* PROBLEM STATEMENT *
Lines holding the string "Section" in the listing below are to be copied.

☆ ☆ ☆ ☆ ☆

(* Let $n\le l$ be positive integers, let $L_l=\{a_1<\dots<a_l\}$ be the linearly ordered semilattice of $l$ elements, and let $t(X)=s(X)$ be an equation over $L_l$ in the variables $X=\{x_1,\dots,x_n\}$ in which every variable occurs. Let $Y=V(t(X)=s(X))\subseteq L_l^n$ be its solution set. Then $Y=\bigcup_{\sigma} Y_\sigma$, where the union is over all permutations $\sigma$ of $\{1,\dots,n\}$ of the first or second kind with respect to $t(X)=s(X)$.
   Context: $L_l$ has multiplication $a_ia_j=a_{\min(i,j)}$. A term is a commutative word in $x_1,\dots,x_n$; $\mathrm{Var}(t)$ is the set of variables occurring in $t$. An equation is an ordered pair of terms $t(X)=s(X)$; $P\in L_l^n$ is a solution if $t(P)=s(P)$; $x\le y$ abbreviates $xy=x$. For a system $S$, $V(S)$ is its set of common solutions. A permutation $\sigma$ of $\{1,\dots,n\}$ is of the first kind if $x_{\sigma(1)}\in\mathrm{Var}(t)\cap\mathrm{Var}(s)$, and of the second kind if $x_{\sigma(1)}\in\mathrm{Var}(s)\setminus\mathrm{Var}(t)$ and $x_{\sigma(2)}\in\mathrm{Var}(t)\setminus\mathrm{Var}(s)$. For $\sigma$ of the first kind, $Y_\sigma=V(\{x_{\sigma(i)}\le x_{\sigma(i+1)}:1\le i\le n-1\})$; for $\sigma$ of the second kind, $Y_\sigma=V(\{x_{\sigma(1)}=x_{\sigma(2)}\}\cup\{x_{\sigma(i)}\le x_{\sigma(i+1)}:2\le i\le n-1\})$. *)

From mathcomp Require Import all_boot.
From mathcomp Require Import fingroup perm.
Set Implicit Arguments. Unset Strict Implicit. Unset Printing Implicit Defensive.

(* The semilattice L_l = {a_1 < ... < a_l} is modelled by 'I_l (a_(k+1) <-> k),
   with multiplication a_i a_j = a_(min i j).  Points of L_l^n are functions
   'I_n -> 'I_l (variable x_(i+1) <-> i : 'I_n). *)

(* A commutative word in x_1..x_n : multiplicity of each variable. *)
Definition term (n : nat) := {ffun 'I_n -> nat}.

Definition is_term n (t : term n) : bool := [exists i, 0 < t i].

Definition Var n (t : term n) : {set 'I_n} := [set i | 0 < t i].

Definition tvar n (i : 'I_n) : term n := [ffun j => (j == i) : nat].
Definition tmul n (t s : term n) : term n := [ffun j => t j + s j].

(* value of a term at P in L_l (as the index of the element of L_l):
   the product of the values of its letters, i.e. their minimum *)
Definition eval n l (t : term n) (P : 'I_n -> 'I_l) : nat :=
  \big[minn/l]_(i | 0 < t i) (P i : nat).

Definition equation n := (term n * term n)%type.

Definition solution n l (e : equation n) (P : 'I_n -> 'I_l) : Prop :=
  eval e.1 P = eval e.2 P.

Definition V n l (S : seq (equation n)) (P : 'I_n -> 'I_l) : Prop :=
  forall e, e \in S -> solution e P.
Arguments V {n} l S P.

(* x_i <= x_j abbreviates x_i x_j = x_i ;  x_i = x_j is the equation itself *)
Definition le_eq n (i j : 'I_n) : equation n := (tmul (tvar i) (tvar j), tvar i).
Definition eq_eq n (i j : 'I_n) : equation n := (tvar i, tvar j).

(* Below, positions 1..n of the paper are 0..n-1. *)

Definition first_kind n (t s : term n) (sg : {perm 'I_n}) : bool :=
  [exists i : 'I_n, (val i == 0) && (sg i \in Var t) && (sg i \in Var s)].

Definition second_kind n (t s : term n) (sg : {perm 'I_n}) : bool :=
  [exists i : 'I_n, exists j : 'I_n,
     [&& val i == 0, val j == 1,
         sg i \in Var s :\: Var t & sg j \in Var t :\: Var s]].

(* {x_sg(i) <= x_sg(i+1) : k <= i <= n-1} (paper indexing, here 0-based k-1) *)
Definition chain n (k : nat) (sg : {perm 'I_n}) : seq (equation n) :=
  [seq le_eq (sg i) (sg j) | i <- enum 'I_n, j <- [seq j <- enum 'I_n | (k <= val i) && (val j == (val i).+1)]].

Definition Y1 n l (sg : {perm 'I_n}) : ('I_n -> 'I_l) -> Prop := V l (chain 0 sg).
Arguments Y1 {n} l sg P.

Definition Y2 n l (sg : {perm 'I_n}) : ('I_n -> 'I_l) -> Prop :=
  V l ([seq eq_eq (sg i) (sg j) | i <- enum 'I_n, j <- [seq j <- enum 'I_n | (val i == 0) && (val j == 1)]]
       ++ chain 1 sg).
Arguments Y2 {n} l sg P.

From HB Require Import structures.
From mathcomp Require Import all_boot.
From mathcomp Require Import fingroup perm.

Set Implicit Arguments.
Unset Strict Implicit.
Unset Printing Implicit Defensive.

(* Since every variable occurs in t or in s, the common value of t and s at a
   solution P is the global minimum of P.  Either this minimum is attained at
   a variable common to t and s, and sorting the variables by their values
   with that variable first gives a permutation of the first kind; or it is
   attained only at a variable of s not in t and a variable of t not in s,
   and putting these two first gives one of the second kind.  Conversely the
   chain conditions of Y_sigma force the first variable(s) to carry the global
   minimum, which is then the value of both t and s. *)

Section Sorting.

Variables (n : nat) (Q : 'I_n -> nat).

Lemma exists_sorting_perm : exists sg : 'S_n, {homo Q \o sg : i j / i <= j}.
Proof.
have /tuple_permP[sg def_s] :
    perm_eq (sort (relpre Q leq) (enum 'I_n)) (ord_tuple n).
  by rewrite perm_sort val_ord_tuple.
have sorted_sg : sorted (relpre Q leq) [seq sg k | k <- enum 'I_n].
  have -> : [seq sg k | k <- enum 'I_n] = sort (relpre Q leq) (enum 'I_n).
    by rewrite def_s /=; apply: eq_map => k; rewrite tnth_ord_tuple.
  by apply: sort_sorted => x y; apply: leq_total.
have sorted_Qsg : sorted leq [seq Q (sg k) | k <- enum 'I_n].
  by rewrite (map_comp Q sg) sorted_map.
have nth_Qsg (k : 'I_n) : nth 0 [seq Q (sg k) | k <- enum 'I_n] k = Q (sg k).
  by rewrite (nth_map k) ?size_enum_ord // nth_ord_enum.
exists sg => i j le_ij; rewrite /= -!nth_Qsg.
by apply: (sorted_leq_nth leq_trans leqnn) => //; rewrite inE size_map size_enum_ord.
Qed.

(* Exchanging positions [k] and [sg^-1 x] keeps the sequence of values, since
   sortedness squeezes [Q x] between [Q (sg k)] and itself. *)
Lemma sorting_perm_move (sg : 'S_n) (k : 'I_n) x :
    {homo Q \o sg : i j / i <= j} -> k <= (sg^-1)%g x -> Q x <= Q (sg k) ->
  exists sg' : 'S_n, [/\ {homo Q \o sg' : i j / i <= j}, sg' k = x &
                        forall j : 'I_n, j < k -> sg' j = sg j].
Proof.
move=> sorted_sg le_k_x le_x_k; set p := (sg^-1)%g x.
have Q_pk : Q (sg p) = Q (sg k).
  apply/eqP; rewrite eqn_leq permKV le_x_k -{1}(permKV sg x).
  exact: sorted_sg.
have same_values : Q \o ((tperm k p * sg)%g) =1 Q \o sg.
  by move=> j /=; rewrite permM; case: tpermP => [->|->|] //; rewrite Q_pk.
exists ((tperm k p * sg)%g); split.
- by move=> i j le_ij; rewrite !same_values; apply: sorted_sg.
- by rewrite permM tpermL permKV.
- move=> j lt_jk; rewrite permM tpermD // neq_ltn ?lt_jk ?orbT //.
  by rewrite (leq_trans lt_jk le_k_x) orbT.
Qed.

Lemma exists_sorting_perm_from (a b : 'I_n) :
    (forall j, Q a <= Q j) -> Q b = Q a ->
  exists sg : 'S_n, [/\ {homo Q \o sg : i j / i <= j}, (sg^-1)%g a = 0 :> nat &
                        a != b -> (sg^-1)%g b = 1 :> nat].
Proof.
move=> a_min Qb.
have [sg0 sorted_sg0] := exists_sorting_perm.
pose k0 : 'I_n := Ordinal (leq_ltn_trans (leq0n a) (ltn_ord a)).
have [sg1 [sorted_sg1 sg1_k0 _]] :=
  @sorting_perm_move sg0 k0 a sorted_sg0 (leq0n _) (a_min _).
have sg1V_a : (sg1^-1)%g a = k0 by rewrite -sg1_k0 permK.
have [<-|neq_ab] := eqVneq a b; first by exists sg1; rewrite sg1V_a.
have pos_b : 0 < (sg1^-1)%g b.
  rewrite lt0n; apply: contra_neq neq_ab => pos_b0.
  by rewrite -sg1_k0 -(permKV sg1 b); congr (sg1 _); apply: val_inj.
pose k1 : 'I_n := Ordinal (leq_ltn_trans pos_b (ltn_ord _)).
have Qb_le : Q b <= Q (sg1 k1) by rewrite Qb a_min.
have [sg2 [sorted_sg2 sg2_k1 sg2_k0]] :=
  @sorting_perm_move sg1 k1 b sorted_sg1 pos_b Qb_le.
exists sg2; split=> // [|_]; last by rewrite -sg2_k1 permK.
by rewrite -[a]sg1_k0 -sg2_k0 // permK.
Qed.

End Sorting.

(* [minn] has no unit in [nat], but as a commutative semigroup law it
   gives access to [big_rem_AC]. *)
HB.instance Definition _ := SemiGroup.isComLaw.Build nat minn minnA minnC.

Section Evaluation.

Variables (n l : nat) (P : 'I_n -> 'I_l).

Lemma eval_le (t : term n) x : x \in Var t -> eval t P <= P x.
Proof.
rewrite inE => tx; rewrite /eval (big_rem_AC _ _ _ _ (mem_index_enum x)) tx.
exact: geq_minl.
Qed.

Lemma eval_min (t : term n) x :
  x \in Var t -> (forall y, y \in Var t -> P x <= P y) -> eval t P = P x.
Proof.
move=> tx x_min; apply/eqP; rewrite eqn_leq eval_le //=.
apply: (big_ind (fun v => P x <= v)) => [|u v|y ty]; first exact: ltnW.
  by rewrite leq_min => -> ->.
by apply: x_min; rewrite inE.
Qed.

Lemma eval_attained (t : term n) :
  is_term t -> exists2 x, x \in Var t & eval t P = P x.
Proof.
case/existsP=> y ty.
case: (@arg_minnP _ y (fun i => 0 < t i) (fun i => (P i : nat)) ty) => x tx x_min.
exists x; rewrite ?inE //; apply: eval_min; rewrite ?inE // => z.
by rewrite inE; apply: x_min.
Qed.

Lemma Var_tvar (i j : 'I_n) : (j \in Var (tvar i)) = (j == i).
Proof. by rewrite inE ffunE; case: (j == i). Qed.

Lemma Var_tmul (t s : term n) j :
  (j \in Var (tmul t s)) = (j \in Var t) || (j \in Var s).
Proof. by rewrite !inE ffunE addn_gt0. Qed.

Lemma eval_tvar i : eval (tvar i) P = P i.
Proof. by apply: eval_min; rewrite ?Var_tvar // => y; rewrite Var_tvar => /eqP->. Qed.

Lemma eval_tmul_tvar i j : eval (tmul (tvar i) (tvar j)) P = minn (P i) (P j).
Proof.
have Var_ij y : y \in Var (tmul (tvar i) (tvar j)) = (y == i) || (y == j).
  by rewrite Var_tmul !Var_tvar.
have [le_ij|lt_ji] := leqP (P i) (P j).
  apply: eval_min; rewrite ?Var_ij ?eqxx // => y.
  by rewrite Var_ij => /orP[]/eqP->.
apply: eval_min; rewrite ?Var_ij ?eqxx ?orbT //.
by move=> y; rewrite Var_ij => /orP[]/eqP-> //; apply: ltnW.
Qed.

Lemma solution_le_eq i j : solution (le_eq i j) P <-> P i <= P j.
Proof. by rewrite /solution /= eval_tmul_tvar eval_tvar; split=> /minn_idPl. Qed.

Lemma solution_at_common_min (t s : term n) x y :
    x \in Var t -> y \in Var s -> P x = P y :> nat -> (forall z, P x <= P z) ->
  solution (t, s) P.
Proof.
move=> tx sy Pxy x_min; rewrite /solution /= (@eval_min t x tx) //.
by rewrite (@eval_min s y sy) // => z _; rewrite -Pxy.
Qed.

End Evaluation.

Lemma ord_succ_homo n (F : 'I_n -> nat) k :
    (forall i j : 'I_n, k <= i -> j = i.+1 :> nat -> F i <= F j) ->
  forall i j : 'I_n, k <= i <= j -> F i <= F j.
Proof.
move=> F_succ i j /andP[le_ki le_ij].
suff F_from_i m (j' : 'I_n) : j' = i + m :> nat -> F i <= F j'.
  by apply: (F_from_i (j - i)); rewrite subnKC.
elim: m j' => [|m IHm] j' def_j'.
  by rewrite (_ : j' = i) //; apply: ord_inj; rewrite def_j' addn0.
have lt_im_n : i + m < n by rewrite -addnS -def_j' ltnW.
apply: leq_trans (IHm (Ordinal lt_im_n) erefl) (F_succ _ _ _ _) => /=.
  exact: leq_trans le_ki (leq_addr m i).
by rewrite def_j' addnS.
Qed.

Section Systems.

Variables (n l : nat) (P : 'I_n -> 'I_l).

Lemma V_seq1 (e : equation n) : V l [:: e] P <-> solution e P.
Proof. by split=> [|sol_e f]; [apply; rewrite mem_head | rewrite inE => /eqP->]. Qed.

Lemma V_cat (S1 S2 : seq (equation n)) :
  V l (S1 ++ S2) P <-> V l S1 P /\ V l S2 P.
Proof.
split=> [VS|[VS1 VS2] e]; last by rewrite mem_cat => /orP[/VS1|/VS2].
by split=> e Se; apply: VS; rewrite mem_cat Se ?orbT.
Qed.

Lemma V_chainP k (sg : 'S_n) :
  V l (chain k sg) P <-> forall i j : 'I_n, k <= i <= j -> P (sg i) <= P (sg j).
Proof.
split=> [V_chain | sorted_sg e].
  apply: (@ord_succ_homo n (fun i => P (sg i)) k) => i j le_ki def_j.
  apply/solution_le_eq/V_chain/allpairsPdep; exists i, j.
  by rewrite mem_enum mem_filter mem_enum le_ki /= def_j eqxx.
case/allpairsPdep=> i [j [_ + ->]].
rewrite mem_filter => /andP[/andP[le_ki /eqP def_j] _].
by apply/solution_le_eq/sorted_sg; rewrite le_ki def_j leqnSn.
Qed.

Lemma Y2P (sg : 'S_n) :
  Y2 l sg P <->
    (forall i j : 'I_n, i = 0 :> nat -> j = 1 :> nat -> P (sg i) = P (sg j) :> nat) /\
    (forall i j : 'I_n, 1 <= i <= j -> P (sg i) <= P (sg j)).
Proof.
split=> [/V_cat[V_eq /V_chainP sorted_sg] | [eq01 sorted_sg]].
  split=> // i j i0 j1; have := V_eq (eq_eq (sg i) (sg j)).
  rewrite /solution /= !eval_tvar; apply.
  by apply/allpairsPdep; exists i, j; rewrite mem_enum mem_filter mem_enum i0 j1.
apply/V_cat; split=> [e|]; last exact/V_chainP.
case/allpairsPdep=> i [j [_ + ->]].
rewrite mem_filter => /andP[/andP[/eqP i0 /eqP j1] _].
by rewrite /solution /= !eval_tvar; apply: eq01.
Qed.

End Systems.

Section Kinds.

Variables (n l : nat) (P : 'I_n -> 'I_l) (t s : term n).

Lemma first_kind_solution (sg : 'S_n) :
  first_kind t s sg -> Y1 l sg P -> solution (t, s) P.
Proof.
case/existsP=> i /andP[/andP[/eqP i0 ti] si] /V_chainP sorted_sg.
apply: (solution_at_common_min ti si erefl) => z.
by rewrite -(permKV sg z); apply: sorted_sg; rewrite i0.
Qed.

Lemma second_kind_solution (sg : 'S_n) :
  second_kind t s sg -> Y2 l sg P -> solution (t, s) P.
Proof.
case/existsP=> i /existsP[j /and4P[/eqP i0 /eqP j1 /setDP[si _] /setDP[tj _]]].
case/Y2P=> eq01 sorted_sg; have Pij := eq01 i j i0 j1.
apply: (solution_at_common_min tj si (esym Pij)) => z.
rewrite -(permKV sg z); have [z0|z_gt0] := posnP ((sg^-1)%g z).
  by rewrite -Pij (_ : (sg^-1)%g z = i) //; apply: ord_inj; rewrite z0 i0.
by apply: sorted_sg; rewrite j1 z_gt0.
Qed.

Lemma first_kind_at_min c :
    c \in Var t -> c \in Var s -> (forall j, P c <= P j) ->
  exists sg : 'S_n, first_kind t s sg /\ Y1 l sg P.
Proof.
move=> tc sc c_min.
have [sg [sorted_sg sgV_c _]] :=
  @exists_sorting_perm_from n (fun i => P i : nat) c c c_min erefl.
exists sg; split; last by apply/V_chainP => i j /andP[_]; apply: sorted_sg.
by apply/existsP; exists ((sg^-1)%g c); rewrite permKV /= sgV_c tc sc.
Qed.

Lemma second_kind_at_min a b :
    a \in Var s :\: Var t -> b \in Var t :\: Var s -> P a = P b :> nat ->
    (forall j, P a <= P j) ->
  exists sg : 'S_n, second_kind t s sg /\ Y2 l sg P.
Proof.
move=> a_sDt b_tDs Pab a_min; have /setDP[tb _] := b_tDs.
have neq_ab : a != b by apply: contraTneq a_sDt => ->; rewrite in_setD tb.
have [sg [sorted_sg sgV_a /(_ neq_ab) sgV_b]] :=
  @exists_sorting_perm_from n (fun i => P i : nat) a b a_min (esym Pab).
exists sg; split.
  apply/existsP; exists ((sg^-1)%g a); apply/existsP; exists ((sg^-1)%g b).
  by rewrite /= sgV_a sgV_b !permKV a_sDt b_tDs.
apply/Y2P; split=> [i j i0 j1|i j /andP[_]]; last exact: sorted_sg.
have -> : i = (sg^-1)%g a by apply: ord_inj; rewrite i0 sgV_a.
have -> : j = (sg^-1)%g b by apply: ord_inj; rewrite j1 sgV_b.
by rewrite !permKV.
Qed.

Lemma solution_sorting_perm :
    is_term t -> is_term s -> (forall i, i \in Var t :|: Var s) ->
    solution (t, s) P ->
  exists sg : 'S_n,
    (first_kind t s sg /\ Y1 l sg P) \/ (second_kind t s sg /\ Y2 l sg P).
Proof.
move=> ht hs hall sol.
have [xt txt Pxt] := eval_attained P ht; have [xs sxs Pxs] := eval_attained P hs.
have eval_t_min j : eval t P <= P j.
  by case/setUP: (hall j) => /(eval_le P); rewrite sol.
case: (pickP [pred c | [&& c \in Var t, c \in Var s & P c == eval t P :> nat]]).
  move=> c /and3P[tc sc /eqP Pc].
  have c_min j : P c <= P j by rewrite Pc eval_t_min.
  by have [sg ?] := first_kind_at_min tc sc c_min; exists sg; left.
move=> no_common.
have ntxs : xs \notin Var t.
  by apply: contraFN (no_common xs) => txs; rewrite /= txs sxs sol Pxs eqxx.
have nsxt : xt \notin Var s.
  by apply: contraFN (no_common xt) => sxt; rewrite /= txt sxt Pxt eqxx.
have Pxs_xt : P xs = P xt :> nat by rewrite -Pxs -Pxt sol.
have xs_min j : P xs <= P j by rewrite -Pxs -sol eval_t_min.
have xs_st : xs \in Var s :\: Var t by rewrite in_setD ntxs sxs.
have xt_ts : xt \in Var t :\: Var s by rewrite in_setD nsxt txt.
have [sg ?] := second_kind_at_min xs_st xt_ts Pxs_xt xs_min.
by exists sg; right.
Qed.

End Kinds.

Theorem lemma2 (n l : nat) (hn : 0 < n) (hnl : n <= l) (t s : term n)
  (ht : is_term t) (hs : is_term s)
  (hall : forall i : 'I_n, i \in Var t :|: Var s) :
  forall P : 'I_n -> 'I_l,
    V l [:: (t, s)] P <->
    exists sg : {perm 'I_n},
      (first_kind t s sg /\ Y1 l sg P) \/ (second_kind t s sg /\ Y2 l sg P).
Proof.
move=> P; split=> [/V_seq1 | [sg [[kind Y] | [kind Y]]]].
- exact: solution_sorting_perm.
- exact/V_seq1/(first_kind_solution kind Y).
- exact/V_seq1/(second_kind_solution kind Y).
Qed.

☆ ☆ ☆ ☆ ☆

* OUTPUT FOR THIS TASK *
Section Sorting.
Section Evaluation.
Section Systems.
Section Kinds.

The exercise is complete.